Thirty-day mortality was 16.3% and remained stable throughout the study period (P = 0.355). Mortality was significantly higher in patients receiving IEAT (22.9% vs 14%, P < 0.001).

Risk factors for BSI caused by MDR strains

In the multivariate analysis, the independent risk factors for a MDR BSI in our cohort of patients were: prior antibiotic use (OR 2.93, CI 2.34–3.67), BSI occurring during antibiotic treatment (OR 1.46, CI 1.18–1.81), biliary source of BSI (OR 1.84, CI 1.34–2.52), urinary source of BSI (OR 1.86, CI 1.43–2.43), and period of admission (OR 1.28, CI 1.18–1.38). Community-acquired infection was related with lower risk of MDR BSI (OR 0.57, CI 0.39–0.82). The goodness of fit of the multivariate model was assessed by the Hosmer-Lemeshow test (0.644), and the discriminatory power of the score, as evaluated by the area under the receiver operating characteristic curve, was 0.72 (95% CI, 0.70–0.74), demonstrating a good ability to predict MDR BSI.

DISCUSSION

This article shows that several changes in BSI epidemiology have occurred in patients with SC over the past decades. These differences represent a current challenge in terms of empiric antibiotic treatment of this population, as made evident by the high percentage of patients with GNB infections who receive IEAT, and elevated 30-day mortality.

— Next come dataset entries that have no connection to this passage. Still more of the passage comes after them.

Lemma lower_christoffel_mech_word : 0 < q -> lower_christoffel p q = mech_word 0 n.
Proof.
move=> q_gt0; rewrite /lower_christoffel /mech_word; apply: eq_mkseq => i /=.
rewrite /mech add0n mulSn [q + _]addnC -modnDml.
have a_lt : (i * q) %% n < n by apply: ltn_pmod; lia.
move: ((i * q) %% n) a_lt => a a_lt.
case: (ltnP a p) => a_p.
  by rewrite modn_small; [apply/negbF; lia | lia].
have -> : a + q = n + (a - p) by lia.
by rewrite modnDl modn_small; [apply/negP; lia | lia].
Qed.

Lemma mech_rev j : j < n -> mech 0 (n - j.+1) = mech n.-1 j.
Proof.
(* With z = (j + 1) q mod n, both sides say 0 < z <= q. *)
move=> j_lt; rewrite /mech add0n; have n_gt0 : 0 < n by lia.
set z := (j.+1 * q) %% n; have z_lt : z < n by exact: ltn_pmod.
set y := ((n - j.+1) * q) %% n; have y_lt : y < n by exact: ltn_pmod.
set x := (n.-1 + j * q) %% n; have x_lt : x < n by exact: ltn_pmod.
have y_z : y + z = 0 %[mod n].
  rewrite /y /z modnDml modnDmr -mulnDl subnK //.
  by rewrite modnMr mod0n.
have x_z : x + (q + 1) = z %[mod n].
  rewrite /x /z modnDml.
  have -> : n.-1 + j * q + (q + 1) = n + j.+1 * q by rewrite mulSn; lia.
  by rewrite modnDl modn_mod.
clearbody x y z.
have [yz|yz] := eq_modn_lt2 y_z ltac:(lia) n_gt0;
have [xz|xz] := eq_modn_lt2 x_z ltac:(lia) z_lt.
all: apply/idP/idP; lia.
Qed.

Lemma rev_mech_word : rev (mech_word 0 n) = mech_word n.-1 n.
Proof.
apply: (@eq_from_nth _ false); first by rewrite size_rev !size_mech_word.
rewrite size_rev size_mech_word => j j_lt.
by rewrite nth_rev ?size_mech_word // !nth_mech_word ?mech_rev //; lia.
Qed.

Lemma lexle_mech_word y y' L : y <= y' -> y %/ n = y' %/ n ->
  lexle (mech_word y L) (mech_word y' L).
Proof.
elim: L y y' => [|L IH] y y' le_yy' eq_div //.
rewrite !mech_word_cons /= /mech !mul0n !addn0.
have le_mod : y %% n <= y' %% n.
  have := divn_eq y n; have := divn_eq y' n; rewrite -eq_div.
  by move: (y %/ n * n) => t; lia.
case: (boolP (p <= y %% n)) => hy; case: (boolP (p <= y' %% n)) => hy' //=.
- by apply: IH; [lia | rewrite !divnD_slope eq_div hy hy'].
- by move: hy'; rewrite -ltnNge; lia.
- by apply: IH; [lia | rewrite !divnD_slope eq_div (negbTE hy) (negbTE hy')].
Qed.

Lemma height_profile_mech_word P y : y < n ->
  height_profile P (mech_word y (sumn P)) =
  [seq (y + sumn (take l.+1 P) * q) %/ n - (y + sumn (take l P) * q) %/ n
     | l <- iota 0 (size P)].
Proof.
move=> y_lt; rewrite height_profile_prefix; apply: eq_map => l.
by rewrite !take_mech_word ?sumn_take_leq // !cnt_b_mech_word.
Qed.

Section Coprime.

Hypothesis coprime_qn : coprime q n.

Lemma modn_slope_sum s : 0 < s < n -> (s * p) %% n + (s * q) %% n = n.
Proof.
move=> s_bounds; have n_gt0 : 0 < n by lia.
have sq_mod_gt0 : 0 < (s * q) %% n.
  rewrite lt0n; apply/negP => /eqP sq_mod0.
  have : n %| s * q by rewrite /dvdn sq_mod0.
  by rewrite Gauss_dvdl 1?coprime_sym // => /(dvdn_leq _); lia.
have := modnD (s * p) (s * q) n_gt0; rewrite -mulnDr modnMl.
have := ltn_pmod (s * p) n_gt0; have := ltn_pmod (s * q) n_gt0.
by case: leqP; lia.
Qed.
(* Let $X$ be a Banach space. If every point of the unit sphere $S_X$ is a strongly exposed point of $B_X$, then $X$ has property [P].
   Context: A point $x_0\in B_X$ is strongly exposed if there is $x^*\in X^*$ with $\operatorname{Re}x^*(x_0)=\sup_{B_X}\operatorname{Re}x^*$ such that every sequence $\{x_n\}\subset B_X$ with $\operatorname{Re}x^*(x_n)\to\operatorname{Re}x^*(x_0)$ converges in norm to $x_0$; such $x^*$ is a strongly exposing functional, and $\operatorname{SE}(X)$ denotes the set of strongly exposing functionals. $X$ has property [P] if there is a function $\varepsilon\in(0,1)\mapsto\eta(\varepsilon)>0$ such that whenever $x\in S_X$, $x^*\in S_{X^*}$ satisfy $\operatorname{Re}x^*(x)>1-\eta(\varepsilon)$, there exist $y^*\in\operatorname{SE}(X)$ and $y\in S_X$ with $\|y^*\|=y^*(y)=1$, $\|y^*-x^*\|<\varepsilon$ and $\|y-x\|<\varepsilon$. *)

From HB Require Import structures.
From mathcomp Require Import all_boot all_order all_algebra.
From mathcomp Require Import all_classical all_reals all_analysis.
From mathcomp Require Import complex.
Set Implicit Arguments. Unset Strict Implicit. Unset Printing Implicit Defensive.
Import Order.TTheory GRing.Theory Num.Theory.
Import numFieldNormedType.Exports.
Local Open Scope classical_set_scope.
Local Open Scope ring_scope.

(* Generic setting: a normed space X over a scalar field K (K = R or K = R[i]),
   with a "real part" map [re : K -> K] (identity for K = R, z |-> (Re z)%:C
   for K = R[i]).  Norms take values in K (real values). *)
Section BanachDefs.
Variables (K : numFieldType) (X : normedModType K) (re : K -> K).

Definition dual_elt (f : {scalar X}) : Prop := continuous f.

Definition dnorm_is (f : X -> K) (c : K) : Prop :=
  (forall x : X, `|x| <= 1 -> `|f x| <= c) /\
  (forall d : K, (forall x : X, `|x| <= 1 -> `|f x| <= d) -> c <= d).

The documented changes in BSI epidemiology may be due to various reasons. There are host factors that have changed over the years: in historical studies (2, 6), breast, hepatobiliary, and lung cancer were the most common types of cancer in patients who developed BSI. Here, the most frequent location of SC was colorectal, followed by hepatobiliary and urothelial. Infections often depend on the localization and size of the SC, or the surgeries or medical devices required for its management (18). Important variations in bacteremia sources have also occurred (19). It is worth highlighting the decrease in BSI of pulmonary origin and the increase in infections of urinary origin, in line with the changes in the prevalence of cancer locations. Catheter sepsis is becoming less frequent (20), perhaps due to the better management of indwelling catheters (21). All these changes make it easy to understand the decline in CGP infections, except for Enterococcus faecium infection, and the rise of GNB infections, particularly of Klebsiella spp.

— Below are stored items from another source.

Lemma band_odd_pieces : (band p 2 1 0 1 1 4 u
  = band p 2 1 0 1 1 64 u + band p 2 1 1 64 1 32 u + band p 2 1 1 32 1 24 u
    + band p 2 1 1 24 1 16 u + band p 2 1 1 16 1 12 u + band p 2 1 1 12 1 8 u
    + band p 6 (p %% 6) 1 8 1 4 u + band p 6 (6 - p %% 6) 1 8 1 4 u
    + band p 6 3 1 8 3 16 u + band p 6 3 3 16 1 4 u :> nat)%N.
Proof.
split_band (band p 2 1 0 1 1 4 u
  = band p 2 1 0 1 1 32 u + band p 2 1 1 32 1 8 u + band p 2 1 1 8 1 4 u :> nat)%N.
split_band (band p 2 1 0 1 1 32 u = band p 2 1 0 1 1 64 u + band p 2 1 1 64 1 32 u :> nat)%N.
split_band (band p 2 1 1 32 1 8 u = band p 2 1 1 32 1 16 u + band p 2 1 1 16 1 8 u :> nat)%N.
split_band (band p 2 1 1 32 1 16 u = band p 2 1 1 32 1 24 u + band p 2 1 1 24 1 16 u :> nat)%N.
split_band (band p 2 1 1 16 1 8 u = band p 2 1 1 16 1 12 u + band p 2 1 1 12 1 8 u :> nat)%N.
have [->|->] : (p %% 6 = 1 \/ p %% 6 = 5)%N by lia.
- split_band (band p 2 1 1 8 1 4 u
    = band p 6 1 1 8 1 4 u + band p 6 5 1 8 1 4 u + band p 6 3 1 8 1 4 u :> nat)%N.
  split_band (band p 6 3 1 8 1 4 u = band p 6 3 1 8 3 16 u + band p 6 3 3 16 1 4 u :> nat)%N.
  by rewrite !addnA.
- split_band (band p 2 1 1 8 1 4 u
    = band p 6 5 1 8 1 4 u + band p 6 1 1 8 1 4 u + band p 6 3 1 8 1 4 u :> nat)%N.
  split_band (band p 6 3 1 8 1 4 u = band p 6 3 1 8 3 16 u + band p 6 3 3 16 1 4 u :> nat)%N.
  by rewrite !addnA.
Qed.

Lemma band_twice_odd_pieces : (band p 4 2 0 1 1 4 u
  = band p 4 2 0 1 1 32 u + band p 4 2 1 32 1 16 u + band p 4 2 1 16 1 12 u
    + band p 4 2 1 12 1 8 u + band p 4 2 1 8 1 6 u + band p 4 2 1 6 1 4 u :> nat)%N.
Proof.
split_band (band p 4 2 0 1 1 4 u
  = band p 4 2 0 1 1 16 u + band p 4 2 1 16 1 8 u + band p 4 2 1 8 1 4 u :> nat)%N.
split_band (band p 4 2 0 1 1 16 u = band p 4 2 0 1 1 32 u + band p 4 2 1 32 1 16 u :> nat)%N.
split_band (band p 4 2 1 16 1 8 u = band p 4 2 1 16 1 12 u + band p 4 2 1 12 1 8 u :> nat)%N.
split_band (band p 4 2 1 8 1 4 u = band p 4 2 1 8 1 6 u + band p 4 2 1 6 1 4 u :> nat)%N.
by rewrite !addnA.
Qed.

The increase in E. faecium infections has been described previously (22). The possible causes of such emergence have been hypothesized as a result of the increasing use of beta-lactams and, in particular carbapenems due to the high prevalence of ESBL-Enterobacterales. Their low activity on its own against Enterococci favors its selection and expansion in the gut, increasing the risk of endogenous bacteremia (23).

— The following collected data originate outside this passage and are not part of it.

(* Under the hypotheses and notation of the context, the limit $\bar\Psi(+\infty)=\lim_{t\to+\infty}\bar\Psi(t)$ exists and $$\bar\Psi(+\infty)\in\Big\{0,\ -\tfrac{p-1}{2(p+1)}(k^2+l^2)\sigma_0^{\frac{p+1}{p-1}}\Big\},$$ where $k,l\ge0$ are not both $0$ and satisfy $\mu_1k^{2q}+\beta k^{q-1}l^{q+1}=1$, $\mu_2l^{2q}+\beta l^{q-1}k^{q+1}=1$ (if one of $k,l$ is $0$, say $k=0$, this is understood as $\mu_2l^{2q}=1$, and symmetrically).
   Context: Let $n\ge3$, $\mu_1,\mu_2,\beta>0$, $p=2q+1$ with $\frac{n}{n-2}<p<\frac{n+2}{n-2}$, and $(u,v)$ a nonnegative radial $C^2(\mathbb{R}^n\setminus\{0\})$ solution of $-\Delta u=\mu_1u^{2q+1}+\beta u^qv^{q+1}$, $-\Delta v=\mu_2v^{2q+1}+\beta v^qu^{q+1}$ in $\mathbb{R}^n\setminus\{0\}$. $\bar u(x)=|x|^{2-n}u(x/|x|^2)$, $\bar v(x)=|x|^{2-n}v(x/|x|^2)$, $\alpha=p(n-2)-(n+2)$, $\delta_0=\frac{2+\alpha}{p-1}$, $\bar w_1(t)=e^{-\delta_0t}\bar u(e^{-t})$, $\bar w_2(t)=e^{-\delta_0t}\bar v(e^{-t})$, $\sigma_0=\frac{(2+\alpha)(n-2)}{(p-1)^2}\big(p-\frac{n+\alpha}{n-2}\big)$, and $$\bar\Psi(t)=\tfrac12\big(|\bar w_1'|^2+|\bar w_2'|^2-\sigma_0(\bar w_1^2+\bar w_2^2)\big)+\tfrac1{p+1}\big(\mu_1\bar w_1^{p+1}+2\beta\bar w_1^{q+1}\bar w_2^{q+1}+\mu_2\bar w_2^{p+1}\big).$$ *)

From Stdlib Require Import Reals Lra.
Open Scope R_scope.

(* Real power of a nonnegative base (used with positive exponents only):
   0^a := 0, x^a := Rpower x a for x > 0. *)
Definition rpow (x a : R) : R := if Rle_dec x 0 then 0 else Rpower x a.

Definition alpha (n : nat) (p : R) : R := p * (INR n - 2) - (INR n + 2).
Definition delta0 (n : nat) (p : R) : R := (2 + alpha n p) / (p - 1).
Definition sigma0 (n : nat) (p : R) : R :=
  (2 + alpha n p) * (INR n - 2) / (p - 1) ^ 2
  * (p - (INR n + alpha n p) / (INR n - 2)).

(* Radial profile of the Kelvin transform  ubar(x) = |x|^{2-n} u(x/|x|^2):
   if u(x) = U(|x|) then ubar(x) = Ubar(|x|) with Ubar(r) = r^{2-n} U(1/r). *)
Definition kelvin_profile (n : nat) (U : R -> R) (r : R) : R :=
  Rpower r (2 - INR n) * U (/ r).

Definition wbar (n : nat) (p : R) (U : R -> R) (t : R) : R :=
  exp (- delta0 n p * t) * kelvin_profile n U (exp (- t)).

Definition Psibar (n : nat) (p q mu1 mu2 beta : R) (w1 w2 dw1 dw2 : R -> R)
  (t : R) : R :=
  / 2 * ((dw1 t) ^ 2 + (dw2 t) ^ 2 - sigma0 n p * ((w1 t) ^ 2 + (w2 t) ^ 2))
  + / (p + 1) * (mu1 * rpow (w1 t) (p + 1)
                 + 2 * beta * rpow (w1 t) (q + 1) * rpow (w2 t) (q + 1)
                 + mu2 * rpow (w2 t) (p + 1)).

Definition lim_pinfty (f : R -> R) (L : R) : Prop :=
  forall eps, 0 < eps -> exists T, forall t, T <= t -> Rabs (f t - L) < eps.

Definition kl_admissible (q mu1 mu2 beta k l : R) : Prop :=
  (0 < k /\ 0 < l /\
     mu1 * Rpower k (2 * q) + beta * Rpower k (q - 1) * Rpower l (q + 1) = 1 /\
     mu2 * Rpower l (2 * q) + beta * Rpower l (q - 1) * Rpower k (q + 1) = 1)
  \/ (k = 0 /\ 0 < l /\ mu2 * Rpower l (2 * q) = 1)
  \/ (l = 0 /\ 0 < k /\ mu1 * Rpower k (2 * q) = 1).

(* With p = 2q+1, the functions wbar_i are W_i(t) = e^(t/q) U_i(e^t), where U_i is the
   radial profile.  In the variable t = ln r the radial system becomes the autonomous
   damped system  W_i'' = a W_i' + sigma0 W_i - F_i(W)  with a = 2/q + 2 - n > 0 (this is
   where p < (n+2)/(n-2) enters), and Psibar is its energy:  Psibar' = a |W'|^2 >= 0.

   Each U_i is a supersolution  -Delta U >= mu U^p.  Either the flux r^(n-1) U'(r) stays
   nonnegative, and then U vanishes, or it becomes negative, and then integrating the
   equation twice gives U(r) = O(r^(-1/q)); either way W_i is bounded for large t.  The
   damped equation then bounds W_i', so Psibar is nondecreasing and bounded, hence
   converges.  Convergence of Psibar together with a Lipschitz bound on |W'|^2 forces
   W' -> 0, after which every cluster point (x, y) of W is an equilibrium
   sigma0 x = F_1(x, y), sigma0 y = F_2(y, x), and Psibar(+oo) is its energy.  Euler's
   identity for the homogeneous F turns that energy into -(p-1)/(2(p+1)) sigma0 (x^2+y^2),
   and (x, y) = sigma0^(1/(p-1)) (k, l) gives the stated form. *)
From Stdlib Require Import Reals Lra Lia Classical FunctionalExtensionality IndefiniteDescription.
Open Scope R_scope.

Lemma Rabs_le_between x b : Rabs x <= b -> - b <= x <= b.
Proof. unfold Rabs; destruct (Rcase_abs x); intros; lra. Qed.

Lemma deriv_val f x l l' : derivable_pt_lim f x l -> l = l' -> derivable_pt_lim f x l'.
Proof. now intros H <-. Qed.

Lemma deriv_const c x : derivable_pt_lim (fun _ => c) x 0.
Proof. apply derivable_pt_lim_const. Qed.

Lemma deriv_id x : derivable_pt_lim (fun y => y) x 1.
Proof. apply derivable_pt_lim_id. Qed.

Lemma deriv_add f g x df dg : derivable_pt_lim f x df -> derivable_pt_lim g x dg ->
  derivable_pt_lim (fun y => f y + g y) x (df + dg).
Proof. apply derivable_pt_lim_plus. Qed.

Lemma deriv_sub f g x df dg : derivable_pt_lim f x df -> derivable_pt_lim g x dg ->
  derivable_pt_lim (fun y => f y - g y) x (df - dg).
Proof. apply derivable_pt_lim_minus. Qed.

Lemma deriv_mul f g x df dg : derivable_pt_lim f x df -> derivable_pt_lim g x dg ->
  derivable_pt_lim (fun y => f y * g y) x (df * g x + f x * dg).
Proof. apply derivable_pt_lim_mult. Qed.

Lemma deriv_scal c f x df : derivable_pt_lim f x df ->
  derivable_pt_lim (fun y => c * f y) x (c * df).
Proof. apply derivable_pt_lim_scal. Qed.

Lemma deriv_comp f g x df dg : derivable_pt_lim g x dg -> derivable_pt_lim f (g x) df ->
  derivable_pt_lim (fun y => f (g y)) x (df * dg).
Proof. apply derivable_pt_lim_comp. Qed.

Lemma deriv_exp f x df : derivable_pt_lim f x df ->
  derivable_pt_lim (fun y => exp (f y)) x (exp (f x) * df).
Proof. intros H; apply (deriv_comp exp f); [exact H | apply derivable_pt_lim_exp]. Qed.

Lemma deriv_sq f x df : derivable_pt_lim f x df ->
  derivable_pt_lim (fun y => f y ^ 2) x (2 * f x * df).
Proof.
  intros H; eapply deriv_val.
  - apply (deriv_comp (fun y => y ^ 2) f); [exact H | apply derivable_pt_lim_pow].
  - simpl; ring.
Qed.

Lemma deriv_local f g x l d : 0 < d -> (forall y, Rabs (y - x) < d -> f y = g y) ->
  derivable_pt_lim g x l -> derivable_pt_lim f x l.
Proof.
  intros Hd Hfg Hg eps Heps. destruct (Hg eps Heps) as [del Hdel].
  assert (Hm : 0 < Rmin del d) by (apply Rmin_pos; [apply cond_pos | lra]).
  exists (mkposreal _ Hm). intros h Hh0 Hh; simpl in Hh.
  rewrite (Hfg (x + h)), (Hfg x).
  - apply Hdel; auto. apply Rlt_le_trans with (1 := Hh), Rmin_l.
  - rewrite Rminus_diag, Rabs_R0; lra.
  - replace (x + h - x) with h by ring. apply Rlt_le_trans with (1 := Hh), Rmin_r.
Qed.

Lemma nonincreasing_of_deriv_nonpos f f' a b : a <= b ->
  (forall c, a <= c <= b -> derivable_pt_lim f c (f' c)) ->
  (forall c, a <= c <= b -> f' c <= 0) -> f b <= f a.
Proof.
  intros Hab Hd Hs. destruct (Req_dec a b) as [-> | Hne]; [lra |].
  destruct (MVT_cor2 f f' a b) as [c [Hc Hc']]; [lra | auto |].
  assert (f' c <= 0) by (apply Hs; lra). nra.
Qed.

Empiric coverage of GNB represents a major challenge in treating patients with SC. In our study, E. coli was the most frequently isolated pathogen, although there was a sharp increase for Klebsiella spp. The main concern associated with these infections has been the growing antimicrobial resistance trend over the years, as reported in other studies (8, 9). Specifically, there was an important rise in ESBL and, more recently, carbapenem-resistant isolates (24, 25). Additionally, the most common antipseudomonal antibiotics were frequently non-active, since more than half of the patients presenting MDR or XDR P. aeruginosa infection received inadequate antibiotic treatment (26).

Our study, in line with previous studies (6), documented that those patients receiving IEAT have higher mortality. Accordingly, it should be considered to rethink the empiric antibiotic regimen for these patients. Although there are some treatment guidelines for febrile neutropenia in oncologic patients (27, 28), most patients with cancer and BSI are not neutropenic. The results reported in this research justify the possible creation of a specific guideline to treat such an infection in patients with cancer, even if they do not present neutropenia in the near future. Our article provides data for improving risk assessment for MDR infections, those patients with prior antibiotic therapy, those having BSI while receiving antibiotics, as well as those with BSI from biliary or urinary sources that have a higher risk. Conversely, patients with community-acquired infections exhibit a lower prevalence of MDR BSI.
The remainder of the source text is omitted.